▶ **Task goal**: In the entries that follow, how many lines contain "Import"? Please reply with only the number.

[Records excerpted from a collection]
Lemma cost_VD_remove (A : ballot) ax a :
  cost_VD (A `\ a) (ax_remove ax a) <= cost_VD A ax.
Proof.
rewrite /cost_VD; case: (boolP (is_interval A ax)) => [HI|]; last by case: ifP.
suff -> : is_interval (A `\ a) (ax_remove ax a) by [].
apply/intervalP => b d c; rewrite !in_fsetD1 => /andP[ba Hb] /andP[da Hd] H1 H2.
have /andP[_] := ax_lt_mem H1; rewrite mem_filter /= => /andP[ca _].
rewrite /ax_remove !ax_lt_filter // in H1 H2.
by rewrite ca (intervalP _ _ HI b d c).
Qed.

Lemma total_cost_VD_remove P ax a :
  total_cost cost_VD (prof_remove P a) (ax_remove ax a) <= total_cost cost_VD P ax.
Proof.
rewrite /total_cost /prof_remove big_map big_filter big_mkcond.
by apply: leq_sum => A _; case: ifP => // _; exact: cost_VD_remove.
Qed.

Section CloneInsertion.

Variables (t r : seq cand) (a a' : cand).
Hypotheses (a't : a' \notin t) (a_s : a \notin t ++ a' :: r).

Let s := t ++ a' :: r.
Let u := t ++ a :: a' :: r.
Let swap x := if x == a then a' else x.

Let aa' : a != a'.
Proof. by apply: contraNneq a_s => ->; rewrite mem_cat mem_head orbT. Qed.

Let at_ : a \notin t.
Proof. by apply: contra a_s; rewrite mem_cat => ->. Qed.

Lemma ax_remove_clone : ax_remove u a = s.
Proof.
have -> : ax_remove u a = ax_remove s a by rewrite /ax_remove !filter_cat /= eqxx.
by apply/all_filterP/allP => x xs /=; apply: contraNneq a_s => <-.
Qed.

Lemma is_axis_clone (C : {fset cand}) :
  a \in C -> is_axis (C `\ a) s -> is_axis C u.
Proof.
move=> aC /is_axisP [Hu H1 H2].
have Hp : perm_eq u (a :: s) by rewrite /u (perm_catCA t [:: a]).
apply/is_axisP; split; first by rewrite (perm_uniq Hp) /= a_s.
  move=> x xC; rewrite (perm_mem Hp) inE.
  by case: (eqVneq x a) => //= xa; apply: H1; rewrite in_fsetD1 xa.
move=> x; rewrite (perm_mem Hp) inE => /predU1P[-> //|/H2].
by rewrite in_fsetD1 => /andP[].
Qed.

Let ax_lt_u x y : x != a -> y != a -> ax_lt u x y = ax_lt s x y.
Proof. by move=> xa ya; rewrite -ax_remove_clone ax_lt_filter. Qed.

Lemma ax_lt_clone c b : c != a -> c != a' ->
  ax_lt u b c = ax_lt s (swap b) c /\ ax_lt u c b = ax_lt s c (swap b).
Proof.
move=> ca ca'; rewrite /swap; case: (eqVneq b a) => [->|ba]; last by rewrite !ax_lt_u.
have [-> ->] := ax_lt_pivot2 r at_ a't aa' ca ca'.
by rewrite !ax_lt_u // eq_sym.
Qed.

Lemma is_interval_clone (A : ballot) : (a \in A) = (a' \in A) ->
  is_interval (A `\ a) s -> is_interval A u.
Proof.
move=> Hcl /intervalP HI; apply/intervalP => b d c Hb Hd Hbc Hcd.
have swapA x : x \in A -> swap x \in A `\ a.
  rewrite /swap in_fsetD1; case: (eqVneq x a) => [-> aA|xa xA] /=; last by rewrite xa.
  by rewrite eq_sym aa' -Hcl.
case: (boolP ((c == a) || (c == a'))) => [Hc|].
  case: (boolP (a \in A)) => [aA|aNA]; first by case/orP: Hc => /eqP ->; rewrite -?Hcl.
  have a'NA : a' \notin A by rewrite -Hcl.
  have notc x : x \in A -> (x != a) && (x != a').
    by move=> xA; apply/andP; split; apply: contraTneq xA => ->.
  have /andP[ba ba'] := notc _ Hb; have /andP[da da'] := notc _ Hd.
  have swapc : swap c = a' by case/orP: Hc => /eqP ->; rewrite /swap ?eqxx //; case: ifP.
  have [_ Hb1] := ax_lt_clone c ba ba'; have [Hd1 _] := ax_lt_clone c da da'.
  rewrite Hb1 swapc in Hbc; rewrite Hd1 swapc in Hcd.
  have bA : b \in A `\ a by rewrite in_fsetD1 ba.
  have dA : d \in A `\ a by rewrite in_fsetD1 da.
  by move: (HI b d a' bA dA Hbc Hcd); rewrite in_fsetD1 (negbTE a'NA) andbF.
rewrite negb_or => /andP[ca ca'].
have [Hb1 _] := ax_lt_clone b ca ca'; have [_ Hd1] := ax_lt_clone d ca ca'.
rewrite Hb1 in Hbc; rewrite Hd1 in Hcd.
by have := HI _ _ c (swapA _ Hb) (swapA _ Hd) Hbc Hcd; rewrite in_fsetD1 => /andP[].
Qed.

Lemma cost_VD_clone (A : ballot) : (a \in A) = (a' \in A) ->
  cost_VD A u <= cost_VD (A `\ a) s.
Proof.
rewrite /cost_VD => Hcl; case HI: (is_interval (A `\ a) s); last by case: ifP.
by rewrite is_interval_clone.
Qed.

* * *

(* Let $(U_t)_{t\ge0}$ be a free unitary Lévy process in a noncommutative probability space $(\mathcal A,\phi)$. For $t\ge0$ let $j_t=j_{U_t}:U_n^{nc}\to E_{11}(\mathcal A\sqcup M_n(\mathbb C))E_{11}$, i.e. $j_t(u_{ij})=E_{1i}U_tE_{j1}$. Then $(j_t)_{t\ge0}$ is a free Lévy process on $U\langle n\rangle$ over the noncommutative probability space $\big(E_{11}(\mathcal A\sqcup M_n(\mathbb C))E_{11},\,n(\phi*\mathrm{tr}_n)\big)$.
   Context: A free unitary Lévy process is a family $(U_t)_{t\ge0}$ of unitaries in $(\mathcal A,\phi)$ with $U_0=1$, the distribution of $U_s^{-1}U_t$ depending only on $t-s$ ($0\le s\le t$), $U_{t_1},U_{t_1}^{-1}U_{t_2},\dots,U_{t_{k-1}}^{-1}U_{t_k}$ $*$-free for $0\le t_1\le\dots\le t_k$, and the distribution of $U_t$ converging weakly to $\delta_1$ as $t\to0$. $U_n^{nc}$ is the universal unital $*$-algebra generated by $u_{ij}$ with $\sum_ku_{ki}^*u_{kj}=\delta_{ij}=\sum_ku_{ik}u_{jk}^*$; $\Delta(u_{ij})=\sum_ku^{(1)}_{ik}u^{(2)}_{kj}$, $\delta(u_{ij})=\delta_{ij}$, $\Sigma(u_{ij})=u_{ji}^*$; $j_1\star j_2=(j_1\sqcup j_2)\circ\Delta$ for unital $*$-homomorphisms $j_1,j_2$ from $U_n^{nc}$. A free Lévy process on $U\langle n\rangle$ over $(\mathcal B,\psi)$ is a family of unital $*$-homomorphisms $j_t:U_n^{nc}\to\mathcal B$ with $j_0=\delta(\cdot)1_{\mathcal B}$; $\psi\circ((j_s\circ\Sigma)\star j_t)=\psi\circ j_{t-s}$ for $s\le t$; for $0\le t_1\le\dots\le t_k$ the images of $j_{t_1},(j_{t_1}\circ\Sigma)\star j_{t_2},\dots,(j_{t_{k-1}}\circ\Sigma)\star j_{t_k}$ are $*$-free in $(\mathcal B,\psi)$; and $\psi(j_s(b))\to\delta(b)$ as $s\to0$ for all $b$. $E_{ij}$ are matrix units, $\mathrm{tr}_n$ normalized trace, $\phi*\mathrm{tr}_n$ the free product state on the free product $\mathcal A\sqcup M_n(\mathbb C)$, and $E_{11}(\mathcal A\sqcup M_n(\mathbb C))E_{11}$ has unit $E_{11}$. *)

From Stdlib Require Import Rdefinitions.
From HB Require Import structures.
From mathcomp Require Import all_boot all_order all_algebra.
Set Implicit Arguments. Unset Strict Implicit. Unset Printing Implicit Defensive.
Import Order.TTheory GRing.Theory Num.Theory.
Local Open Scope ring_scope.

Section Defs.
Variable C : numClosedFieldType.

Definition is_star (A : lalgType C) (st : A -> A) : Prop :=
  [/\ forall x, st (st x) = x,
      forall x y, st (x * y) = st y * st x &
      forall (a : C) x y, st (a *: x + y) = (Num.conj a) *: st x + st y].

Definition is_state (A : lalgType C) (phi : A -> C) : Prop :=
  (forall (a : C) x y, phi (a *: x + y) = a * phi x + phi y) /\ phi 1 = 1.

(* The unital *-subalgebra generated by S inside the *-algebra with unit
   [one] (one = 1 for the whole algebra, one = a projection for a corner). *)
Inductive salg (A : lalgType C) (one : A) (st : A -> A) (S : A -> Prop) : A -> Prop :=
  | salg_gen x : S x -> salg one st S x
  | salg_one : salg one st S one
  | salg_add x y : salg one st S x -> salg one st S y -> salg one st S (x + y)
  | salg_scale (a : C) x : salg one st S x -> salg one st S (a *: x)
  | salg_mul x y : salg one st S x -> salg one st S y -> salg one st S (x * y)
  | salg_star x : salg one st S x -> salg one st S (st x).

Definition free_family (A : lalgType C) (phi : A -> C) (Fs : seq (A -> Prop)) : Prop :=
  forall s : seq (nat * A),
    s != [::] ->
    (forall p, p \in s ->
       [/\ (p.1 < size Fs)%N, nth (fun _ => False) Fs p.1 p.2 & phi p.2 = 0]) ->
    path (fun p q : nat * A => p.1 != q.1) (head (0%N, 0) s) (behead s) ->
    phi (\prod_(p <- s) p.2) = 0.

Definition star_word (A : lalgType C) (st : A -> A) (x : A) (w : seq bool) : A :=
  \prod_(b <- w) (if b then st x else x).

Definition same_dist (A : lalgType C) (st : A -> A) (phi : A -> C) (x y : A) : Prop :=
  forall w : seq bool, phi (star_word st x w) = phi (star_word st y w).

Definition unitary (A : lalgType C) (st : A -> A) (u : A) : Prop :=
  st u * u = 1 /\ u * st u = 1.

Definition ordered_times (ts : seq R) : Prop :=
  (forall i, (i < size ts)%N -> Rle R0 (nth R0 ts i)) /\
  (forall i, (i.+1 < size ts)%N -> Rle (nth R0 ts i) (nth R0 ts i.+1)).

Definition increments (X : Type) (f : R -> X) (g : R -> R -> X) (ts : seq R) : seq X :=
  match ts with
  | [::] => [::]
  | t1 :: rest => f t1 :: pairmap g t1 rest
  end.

▶ **Response to the exercise**: 4